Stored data
(* $\beta_2\geqslant\sqrt{7}$. More precisely, there exists a set $P$ of $19$ points in the Euclidean plane such that the largest edge-length of a bottleneck spanning tree of $P$ equals $1$, while every Hamiltonian path on $P$ (i.e., every spanning tree of $P$ of maximum degree at most $2$) has an edge of length at least $\sqrt{7}$.
   Context: For a finite point set $P$ in the plane, consider the complete graph on $P$ with edge weights equal to Euclidean distances. A bottleneck spanning tree (BST) of $P$ is a spanning tree minimizing the largest edge-length. For an integer $K\geqslant 2$, a bottleneck degree-$K$ spanning tree is a spanning tree of maximum degree at most $K$ minimizing the largest edge-length. $\beta_K$ denotes the supremum, over all finite point sets in the Euclidean plane, of the ratio of the largest edge-length of a bottleneck degree-$K$ spanning tree to the largest edge-length of a BST. *)

From Stdlib Require Import Reals.
From mathcomp Require Import all_boot.

Set Implicit Arguments.
Unset Strict Implicit.
Unset Printing Implicit Defensive.

Definition pt : Type := (R * R)%type.

Definition eucl_dist (p q : pt) : R :=
  sqrt (Rplus (Rmult (Rminus (fst p) (fst q)) (Rminus (fst p) (fst q)))
              (Rmult (Rminus (snd p) (snd q)) (Rminus (snd p) (snd q)))).

(* A graph on the vertex set 'I_n is a set of undirected edges, each edge
   being a 2-element subset of 'I_n. *)
Definition adj n (E : {set {set 'I_n}}) : rel 'I_n :=
  fun u v => [set u; v] \in E.

Definition deg n (E : {set {set 'I_n}}) (v : 'I_n) : nat :=
  #|[set e in E | v \in e]|.

Definition spanning_tree n (E : {set {set 'I_n}}) : Prop :=
  [/\ (forall e, e \in E -> #|e| = 2),
      #|E| = n.-1
    & forall u v : 'I_n, connect (adj E) u v].

Definition max_edge_len n (P : 'I_n -> pt) (E : {set {set 'I_n}}) : R :=
  \big[Rmax/R0]_(u <- enum 'I_n)
     \big[Rmax/R0]_(v <- enum 'I_n | adj E u v) eucl_dist (P u) (P v).
Lemma gradient_eq_subgradient x w :
  (forall y, f x + dotv (y - x) w <= f y) -> df x = w.
Proof.
move=> subgrad; have [/subr0_eq ->//|q_neq0] := eqVneq (w - df x) 0.
set q := w - df x in q_neq0 *.
have q_gt0 : 0 < enorm q by rewrite enorm_gt0.
have [t t_gt0 step] := has_gradient_step x q_neq0 q_gt0.
have := subgrad (x + t *: q); rewrite addrAC subrr add0r => lower.
have dq : dotv (t *: q) w - dotv (df x) (t *: q) = t * dotv q q.
  by rewrite dotvZl dotvZr (dotvC (df x)) -mulrBr -dotvNr -dotvDr.
have nq : enorm q * enorm (t *: q) = t * dotv q q.
  by rewrite enormZ gtr0_norm // mulrCA -expr2 sqr_enorm.
have : t * dotv q q < t * dotv q q by lra.
by rewrite ltxx.
Qed.

End Gradient.

Lemma gradient_mulmx {R : realType} {m p} (H : 'M[R]_(m, p))
    {g : 'cV[R]_m -> R} {dg : 'cV[R]_m -> 'cV[R]_m} {df : 'cV[R]_p -> 'cV[R]_p} :
  (forall u v, g u + dotv (v - u) (dg u) <= g v) ->
  has_gradient (fun x => g (H *m x)) df -> forall x, df x = H^T *m dg (H *m x).
Proof.
move=> convex_g grad_f x; apply: (gradient_eq_subgradient grad_f) => y.
by rewrite -dotv_mulmx mulmxBr convex_g.
Qed.

Section OperatorNorm.
Context {R : realType} {m p : nat} (H : 'M[R]_(m, p)).

Lemma enorm_mulmx_bounded : exists K, forall z, enorm (H *m z) <= K * enorm z.
Proof.
pose r i : 'cV[R]_p := (row i H)^T.
exists (Num.sqrt (\sum_i dotv (r i) (r i))) => z.
rewrite -sqrtrM ?sumr_ge0 // => [|i _]; last exact: dotvv_ge0.
apply: ler_wsqrtr; rewrite {1}/dotv big_distrl /=; apply: ler_sum => i _.
have -> : (H *m z) i ord0 = dotv (r i) z.
  by rewrite mxE; apply: eq_bigr => j _; rewrite !mxE.
by rewrite -expr2 sqr_dotv_le.
Qed.
Variable S : finType.          (* the set C of flexnodes *)
Variable B : {set S}.
Variable k : nat.              (* code dimension of the [n,k] code, n = #|S| *)
Variable delta : nat.
Variable V E : eqType.         (* values, coded elements *)
Variable enc : V -> 'I_#|S| -> E.
Variable dec : seq E -> V.
Variable v0 : V.

(* quorum size ceil((2|C| + k)/3) *)
Definition qsize : nat := (2 * #|S| + k + 2) %/ 3.

(* the j-th flexnode is enum_rank s *)
Definition frag (v : V) (s : S) : E := enc v (enum_rank s).

(* signed triples (<t, e>, sigma); the signature is idealised as the
   identity of the signer (None = the signer of the initial pair).  A
   triple verifies iff it has actually been signed (unforgeability). *)
Definition SEntry := (Tag * E * option nat)%type.
Definition se_tag (x : SEntry) : Tag := x.1.1.
Definition se_elem (x : SEntry) : E := x.1.2.

Inductive SMsg :=
| QTag  (rid : nat)
| QData (rid : nat)
| Put   (rid : nat) (x : SEntry).

Inductive CMsg :=
| RTag  (rid : nat) (x : SEntry)
| RData (rid : nat) (L : seq SEntry)
| Ack   (rid : nat).

Inductive NetMsg :=
| ToServer (c : nat) (s : S) (m : SMsg)
| ToClient (s : S) (c : nat) (m : CMsg).

(* local state of a client (one operation at a time) *)
Inductive CState :=
| Idle
| WTag (rid : nat) (v : V) (R : S -> option (option Tag))
       (* write, get-tag phase; R s = Some o : s replied, o its verified tag *)
| WPut (rid : nat) (t : Tag) (A : {set S})
       (* write, put-data phase; A = flexnodes that acknowledged *)
| RGet (rid : nat) (R : S -> option (seq SEntry))
       (* read, get-data phase; R s = Some L : s replied, L its verified pairs *)
| RPut (rid : nat) (t : Tag) (v : V) (A : {set S}).

Record State := mkState {
  lists  : S -> seq SEntry;   (* the List of every (correct) flexnode *)
  net    : seq NetMsg;
  cl     : nat -> CState;
  signed : seq SEntry;        (* all triples signed so far *)
  hist   : seq (Event V);
  ctr    : nat                (* source of fresh request identifiers *)
}.

Definition maxentry (L : seq SEntry) : option SEntry :=
  foldr (fun x acc => match acc with
                      | None => Some x
                      | Some y => if tle (se_tag y) (se_tag x) then Some x else Some y
                      end) None L.

Definition gc (L : seq SEntry) : seq SEntry :=
  if delta.+1 < size L then
    [seq x <- L | ~~ all (fun y => tle (se_tag x) (se_tag y)) L]
  else L.

Definition server_step (sg : seq SEntry) (L : seq SEntry) (s : S) (c : nat)
    (m : SMsg) : seq SEntry * seq NetMsg :=
  match m with
  | QTag rid => (L, if maxentry L is Some x then [:: ToClient s c (RTag rid x)] else [::])
  | QData rid => (L, [:: ToClient s c (RData rid L)])
  | Put rid x =>
      let L' := if (x \in sg) && all (fun y => se_tag y != se_tag x) L
                then gc (x :: L) else L in
      (L', [:: ToClient s c (Ack rid)])
  end.

Definition upd (T : Type) (f : S -> T) (s : S) (y : T) : S -> T :=
  fun s' => if s' == s then y else f s'.

Definition client_recv (sg : seq SEntry) (cs : CState) (s : S) (m : CMsg) : CState :=
  match cs, m with
  | WTag rid v R, RTag rid' x =>
      if (rid' == rid) && (R s == None) then
        WTag rid v (upd R s (Some (if x \in sg then Some (se_tag x) else None)))
      else cs
  | WPut rid t A, Ack rid' => if rid' == rid then WPut rid t (s |: A) else cs
  | RGet rid R, RData rid' L =>
      if (rid' == rid) && (R s == None) then
        RGet rid (upd R s (Some [seq x <- L | x \in sg]))
      else cs
  | RPut rid t v A, Ack rid' => if rid' == rid then RPut rid t v (s |: A) else cs
  | _, _ => cs
  end.

Definition nreplies (T : Type) (R : S -> option T) : nat := #|[set s | isSome (R s)]|.

Definition maxtag (R : S -> option (option Tag)) : Tag :=
  foldr (fun s acc => if R s is Some (Some t) then tmax t acc else acc) t0 (enum S).

Definition nlists_with (R : S -> option (seq SEntry)) (t : Tag) : nat :=
  #|[set s | if R s is Some L then t \in [seq se_tag x | x <- L] else false]|.

Definition elems_with (R : S -> option (seq SEntry)) (t : Tag) : seq E :=
  [seq se_elem x | x <- flatten [seq odflt [::] (R s) | s <- enum S] & se_tag x == t].

Definition put_triples (c : nat) (t : Tag) (v : V) : seq SEntry :=
  [seq (t, frag v s, Some c) | s <- enum S].
Definition put_msgs (c rid : nat) (t : Tag) (v : V) : seq NetMsg :=
  [seq ToServer c s (Put rid (t, frag v s, Some c)) | s <- enum S].

Definition setcl (f : nat -> CState) (c : nat) (x : CState) : nat -> CState :=
  fun c' => if c' == c then x else f c'.
Lemma cv0_misses_ratio k n V : (1 < k)%N -> (V < k ^ n)%N ->
  Un_cv (fun lam => INR (misses k n V lam) / INR (k ^ lam)) 0.
Proof.
move=> k_gt1 V_lt; have expk_gt0 e : (0 < k ^ e)%N by rewrite expn_gt0 ltnW.
have expk_gt0R e : 0 < INR (k ^ e) by apply/lt_0_INR/ltP.
apply: cv0_contraction => [l|l d|e e_gt0].
- by apply: INR_ratio_bounds => //; rewrite (leq_trans (count_size _ _)) ?size_iota.
- rewrite expnD mult_INR; apply: ratio_lift_le => //.
  by have /leP/le_INR := misses_lift k n V l d; rewrite mult_INR.
have [j P_lt] : exists j, INR (size (primes k)) < e * INR (2 ^ j).
  have [j j_gt] := INR_unbounded (INR (size (primes k)) / e).
  have lt_j : INR j < INR (2 ^ j) by apply/lt_INR/ltP/ltn_expl.
  exists j; have := Rmult_lt_compat_l e _ _ e_gt0 (Rlt_trans _ _ _ j_gt lt_j).
  by replace (e * (INR (size (primes k)) / e)) with (INR (size (primes k))) by (field; lra).
exists (j + n)%N, (1 - / INR (k ^ (j + n))), (j + n)%N; split.
  have := Rinv_0_lt_compat _ (expk_gt0R (j + n)%N).
  have : / INR (k ^ (j + n)) <= 1.
    by rewrite -Rinv_1; apply: Rinv_le_contravar; [lra | apply: (le_INR 1); apply/leP].
  lra.
move=> l le_l.
have /leP/le_INR := misses_contract k_gt1 V_lt le_l; rewrite !plus_INR !mult_INR => le_B.
have /leP/le_INR := count_exceptional_le k (leq_trans (leq_addr n j) le_l).
rewrite !mult_INR => le_E; rewrite expnD mult_INR.
apply: (ratio_contraction (expk_gt0R l) _ le_B); first by apply: (le_INR 1); apply/leP.
have : 0 < INR (2 ^ j) by apply/lt_0_INR/ltP; rewrite expn_gt0.
by have := expk_gt0R l; nra.
Qed.

Lemma cv0_nonsync_mass k (Q : finType) (delta : Q -> 'I_k -> Q) : (1 < k)%N ->
  (exists w, synchronizing delta w) ->
  Un_cv (fun lam => \big[Rplus/R0]_(m < k ^ lam | ~~ inS_lambda delta lam m)
                      csq m (k ^ lam)) 0.
Proof.
move=> k_gt1 [w sync_w] eps eps_gt0.
have [N misses_N] := cv0_misses_ratio k_gt1 (sync_code_lt k_gt1 w) eps_gt0.
exists N => lam le_lam; have := misses_N lam le_lam; rewrite /R_dist !Rminus_0_r.
under eq_bigl => m do rewrite /inS_lambda ltn_ord andbT.
have expk_gt0 : (0 < k ^ lam)%N by rewrite expn_gt0 ltnW.
rewrite sum_csq_notin //.
have le_count : (count (fun x => ~~ inS delta (x ^ 2 %% k ^ lam)) (iota 0 (k ^ lam))
    <= misses k (size w).+1 (sync_code w) lam)%N.
  by apply: sub_count => x /=; apply: contraNN; apply: inS_hits.
have misses_le : (misses k (size w).+1 (sync_code w) lam <= k ^ lam)%N.
  by rewrite (leq_trans (count_size _ _)) ?size_iota.
have [count_ge0 _] := INR_ratio_bounds (leq_trans le_count misses_le) expk_gt0.
have [misses_ge0 _] := INR_ratio_bounds misses_le expk_gt0.
have /leP/le_INR le_countR := le_count.
have : 0 < / INR (k ^ lam) by apply/Rinv_0_lt_compat/lt_0_INR/ltP.
by rewrite !Rabs_right; [nra | lra | lra].
Qed.

Local Close Scope R_scope.

Theorem proposition8p2 :
  (forall h m : nat, 0 < h -> m < h ->
     Un_cv (fun L => Rdiv (INR (count_sq m h L)) (INR L)) (csq m h))
  /\
  (forall h1 h2 m : nat, 0 < h1 -> 0 < h2 -> coprime h1 h2 -> m < h1 * h2 ->
     csq m (h1 * h2) = Rmult (csq m h1) (csq m h2))
  /\
  (forall (k : nat) (Q : finType) (delta : Q -> 'I_k -> Q) (q0 : Q),
     2 <= k ->
     (exists w : seq 'I_k, synchronizing delta w) ->
     Un_cv (fun lam => \big[Rplus/R0]_(m < k ^ lam | ~~ inS_lambda delta lam m)
                          csq m (k ^ lam)) R0).
Proof.
split; first by move=> h m h_gt0 _; exact: cv_count_sq.
split; first by move=> h1 h2 m h1_gt0 h2_gt0 co_h12 _; exact: csq_mul_coprime.
by move=> k Q delta _ k_gt1; exact: cv0_nonsync_mass.
Qed.
Lemma unital_se_trans n m p (A : 'M[nat]_n) (B : 'M[nat]_m) (C : 'M[nat]_p) :
  unital_se (existT _ n A) (existT _ m B) ->
  unital_se (existT _ m B) (existT _ p C) ->
  unital_se (existT _ n A) (existT _ p C).
Proof.
move=> [l1 [R1 [S1 [l1_gt0 [AR1S1 [BS1R1 [AR1 [BS1 [p1 [k1 unit1]]]]]]]]]].
move=> [l2 [R2 [S2 [l2_gt0 [BR2S2 [CS2R2 [BR2 [CS2 [p2 [k2 unit2]]]]]]]]]].
exists (l1 + l2)%N, (R1 *m R2), (S2 *m S1); split; first by rewrite addn_gt0 l1_gt0.
split.
  have -> : R1 *m R2 *m (S2 *m S1) = R1 *m (B ^+ l2 *m S1) by rewrite BR2S2 !mulmxA.
  by rewrite (mulmx_exprX_intertwine _ BS1) mulmxA -AR1S1 -exprD_mulmx.
split.
  have -> : S2 *m S1 *m (R1 *m R2) = S2 *m (B ^+ l1 *m R2) by rewrite BS1R1 !mulmxA.
  by rewrite (mulmx_exprX_intertwine _ BR2) mulmxA -CS2R2 -exprD_mulmx addnC.
split; first by rewrite mulmxA AR1 -!mulmxA BR2.
split; first by rewrite mulmxA CS2 -!mulmxA BS1.
exists (p1 + p2)%N, (k1 + k2)%N; rewrite trmx_mul.
apply: unital_condition_comp unit1 unit2.
by rewrite -!trmx_mul BR2.
Qed.

Lemma outsplit_unital_se X Y : outsplit X Y -> unital_se X Y.
Proof.
case: X Y => [n A] [m B] [_ [_ [D [E [/division_mxE[_ colD] [-> ->]]]]]].
exists 1%N, D, E; rewrite !expr1 !mulmxA; do 5!split=> //.
by exists 0%N, 0%N; rewrite expr0 !mul1mx.
Qed.

Lemma outsplit_unital_se_rev X Y : outsplit X Y -> unital_se Y X.
Proof.
case: X Y => [n A] [m B] [_ [_ [D [E [/division_mxE[_ colD] [-> ->]]]]]].
exists 1%N, E, D; rewrite !expr1 !mulmxA; do 5!split=> //.
by exists 0%N, 1%N; rewrite expr0 mul1mx expr1 trmx_mul -mulmxA colD.
Qed.

Lemma common_factor_unital_se n k (P : 'M[nat]_(n, k)) (QA QB : 'M[nat]_(k, n)) :
  QA *m P = QB *m P ->
  unital_se (existT _ n (P *m QA)) (existT _ n (P *m QB)).
Proof.
move=> QP; have swap (Z : 'M[nat]_(k, n)) : P *m QA *m (P *m Z) = P *m QB *m (P *m Z).
  by rewrite !mulmxA -(mulmxA P QA) QP mulmxA.
exists 2%N, (P *m QB), (P *m QA); rewrite !expr2 -!mulmxE.
do 5!split=> //; rewrite ?swap //.
by exists 0%N, 1%N; rewrite expr0 mul1mx expr1.
Qed.

Lemma balanced_elem_sse_unital_se X Y : balanced_elem_sse X Y -> unital_se X Y.
Proof.
case: X Y => [n A] [m B] [_ [_ [e [k [D [RA [RB [_ [-> [eB QD]]]]]]]]]].
by subst m; rewrite castmx_id in eB; rewrite eB; exact: common_factor_unital_se.
Qed.

(* Matrices written as lists of rows: the matrix library's operations are
   locked, whereas products and transposes of lists reduce by computation. *)
Section SeqMatrices.

Implicit Types s t : seq (seq nat).

Definition seq_entry s i j := nth 0%N (nth [::] s i) j.

Definition mx_of_seq m n s : 'M[nat]_(m, n) := \matrix_(i < m, j < n) seq_entry s i j.

Lemma mx_of_seqE m n s i j : mx_of_seq m n s i j = seq_entry s i j.
Proof. exact: mxE. Qed.

Definition seq_mul m n p s t :=
  [seq [seq sumn [seq seq_entry s i k * seq_entry t k j | k <- iota 0 n]
       | j <- iota 0 p] | i <- iota 0 m].

Definition seq_tr m n s := [seq [seq seq_entry s i j | i <- iota 0 m] | j <- iota 0 n].

Lemma seq_entry_map m n (F : nat -> nat -> nat) (i : 'I_m) (j : 'I_n) :
  seq_entry [seq [seq F i' j' | j' <- iota 0 n] | i' <- iota 0 m] i j = F i j.
Proof.
by rewrite /seq_entry (nth_map 0%N) ?size_iota // (nth_map 0%N) ?size_iota // !nth_iota.
Qed.

Lemma mx_of_seq_mul m n p s t :
  mx_of_seq m n s *m mx_of_seq n p t = mx_of_seq m p (seq_mul m n p s t).
Proof.
apply/matrixP=> i j; rewrite !mxE seq_entry_map sumnE big_map.
under [LHS]eq_bigr do rewrite !mx_of_seqE.
by rewrite -(big_mkord xpredT (fun k => seq_entry s i k * seq_entry t k j)) /index_iota subn0.
Qed.

Lemma mx_of_seq_tr m n s : (mx_of_seq m n s)^T = mx_of_seq n m (seq_tr m n s).
Proof. by apply/matrixP=> j i; rewrite mxE !mx_of_seqE seq_entry_map. Qed.

Lemma const_mx1_seq m : (const_mx 1 : 'cV[nat]_m) = mx_of_seq m 1 (nseq m [:: 1%N]).
Proof. by apply/matrixP=> i j; rewrite mxE mx_of_seqE /seq_entry nth_nseq ltn_ord ord1. Qed.

Definition seq_rows_nonzero m n s :=
  all (fun i => has (fun j => seq_entry s i j != 0%N) (iota 0 n)) (iota 0 m).

Lemma mx_of_seq_rows_nonzero m n s : seq_rows_nonzero m n s ->
  forall i : 'I_m, exists j : 'I_n, mx_of_seq m n s i j != 0%N.
Proof.
move=> /allP rows i; have /hasP[j] : has (fun j => seq_entry s i j != 0%N) (iota 0 n).
  by apply: rows; rewrite mem_iota add0n ltn_ord.
rewrite mem_iota /= => lt_jn nz_ij.
by exists (Ordinal lt_jn); rewrite mx_of_seqE.
Qed.

Definition seq_division m n s :=
  seq_rows_nonzero m n s &&
  (seq_mul n m 1 (seq_tr m n s) (nseq m [:: 1%N]) == nseq n [:: 1%N]).

Lemma mx_of_seq_division m n s : seq_division m n s -> division_mx (mx_of_seq m n s).
Proof.
case/andP=> rows /eqP colsum; apply/division_mxE; split.
  exact: mx_of_seq_rows_nonzero.
by rewrite !const_mx1_seq mx_of_seq_tr mx_of_seq_mul colsum.
Qed.

End SeqMatrices.

Definition sqmx_of_seq n (s : seq (seq nat)) : sqmx := existT _ n (mx_of_seq n n s).

Lemma outsplit_of_seq n m sA sB sD sE :
  [&& seq_rows_nonzero n n sA, seq_rows_nonzero m m sB & seq_division n m sD] ->
  (seq_mul n m n sD sE == sA) && (seq_mul m n m sE sD == sB) ->
  outsplit (sqmx_of_seq n sA) (sqmx_of_seq m sB).
Proof.
case/and3P=> rowsA rowsB divD /andP[/eqP DE /eqP ED].
split; [exact: mx_of_seq_rows_nonzero | split; first exact: mx_of_seq_rows_nonzero].
exists (mx_of_seq n m sD), (mx_of_seq m n sE).
by rewrite !mx_of_seq_mul DE ED; split=> //; exact: mx_of_seq_division.
Qed.

Lemma balanced_elem_sse_of_seq n k sA sB sD sRA sRB :
  [&& seq_rows_nonzero n n sA, seq_rows_nonzero n n sB & seq_division k n sD] ->
  [&& seq_mul n k n (seq_tr k n sD) sRA == sA, seq_mul n k n (seq_tr k n sD) sRB == sB
    & seq_mul k n k sRA (seq_tr k n sD) == seq_mul k n k sRB (seq_tr k n sD)] ->
  balanced_elem_sse (sqmx_of_seq n sA) (sqmx_of_seq n sB).
Proof.
case/and3P=> rowsA rowsB divD /and3P[/eqP DA /eqP DB /eqP RD].
split; [exact: mx_of_seq_rows_nonzero | split; first exact: mx_of_seq_rows_nonzero].
exists erefl, k, (mx_of_seq k n sD), (mx_of_seq k n sRA), (mx_of_seq k n sRB).
rewrite castmx_id !mx_of_seq_tr !mx_of_seq_mul DA DB RD.
by split=> //; exact: mx_of_seq_division.
Qed.

Definition seqA : seq (seq nat) := [:: [:: 1; 2; 1]; [:: 1; 1; 0]; [:: 1; 0; 1]]%N.

Definition seqB : seq (seq nat) :=
  [:: [:: 1; 0; 1; 0; 1]; [:: 0; 1; 1; 1; 0]; [:: 1; 1; 1; 0; 0];
      [:: 1; 0; 0; 0; 1]; [:: 0; 1; 0; 1; 0]]%N.

Definition seqC4 : seq (seq nat) :=
  [:: [:: 0; 0; 1; 0]; [:: 1; 1; 1; 1]; [:: 1; 1; 1; 0]; [:: 1; 1; 0; 1]]%N.

Definition seqC6 : seq (seq nat) :=
  [:: [:: 0; 0; 0; 1; 0; 0]; [:: 0; 1; 1; 1; 0; 0]; [:: 1; 0; 0; 0; 1; 1];
      [:: 1; 1; 1; 1; 0; 0]; [:: 0; 1; 1; 0; 0; 0]; [:: 1; 0; 0; 0; 1; 1]]%N.

Definition seqC6' : seq (seq nat) :=
  [:: [:: 0; 0; 0; 1; 0; 0]; [:: 0; 1; 0; 1; 0; 1]; [:: 1; 0; 1; 0; 1; 0];
      [:: 1; 1; 1; 1; 0; 0]; [:: 0; 1; 0; 0; 0; 1]; [:: 1; 0; 1; 0; 1; 0]]%N.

→ What this task involves
Look back at the entries above. Retype the line with "have -> : (H *m z) i ord0 = dotv (r i) z.", the line with "QData (rid : nat)", and all lines in between.

→ Answer box
have -> : (H *m z) i ord0 = dotv (r i) z.
  by rewrite mxE; apply: eq_bigr => j _; rewrite !mxE.
by rewrite -expr2 sqr_dotv_le.
Qed.
Variable S : finType.          (* the set C of flexnodes *)
Variable B : {set S}.
Variable k : nat.              (* code dimension of the [n,k] code, n = #|S| *)
Variable delta : nat.
Variable V E : eqType.         (* values, coded elements *)
Variable enc : V -> 'I_#|S| -> E.
Variable dec : seq E -> V.
Variable v0 : V.

(* quorum size ceil((2|C| + k)/3) *)
Definition qsize : nat := (2 * #|S| + k + 2) %/ 3.

(* the j-th flexnode is enum_rank s *)
Definition frag (v : V) (s : S) : E := enc v (enum_rank s).

(* signed triples (<t, e>, sigma); the signature is idealised as the
   identity of the signer (None = the signer of the initial pair).  A
   triple verifies iff it has actually been signed (unforgeability). *)
Definition SEntry := (Tag * E * option nat)%type.
Definition se_tag (x : SEntry) : Tag := x.1.1.
Definition se_elem (x : SEntry) : E := x.1.2.

Inductive SMsg :=
| QTag  (rid : nat)
| QData (rid : nat)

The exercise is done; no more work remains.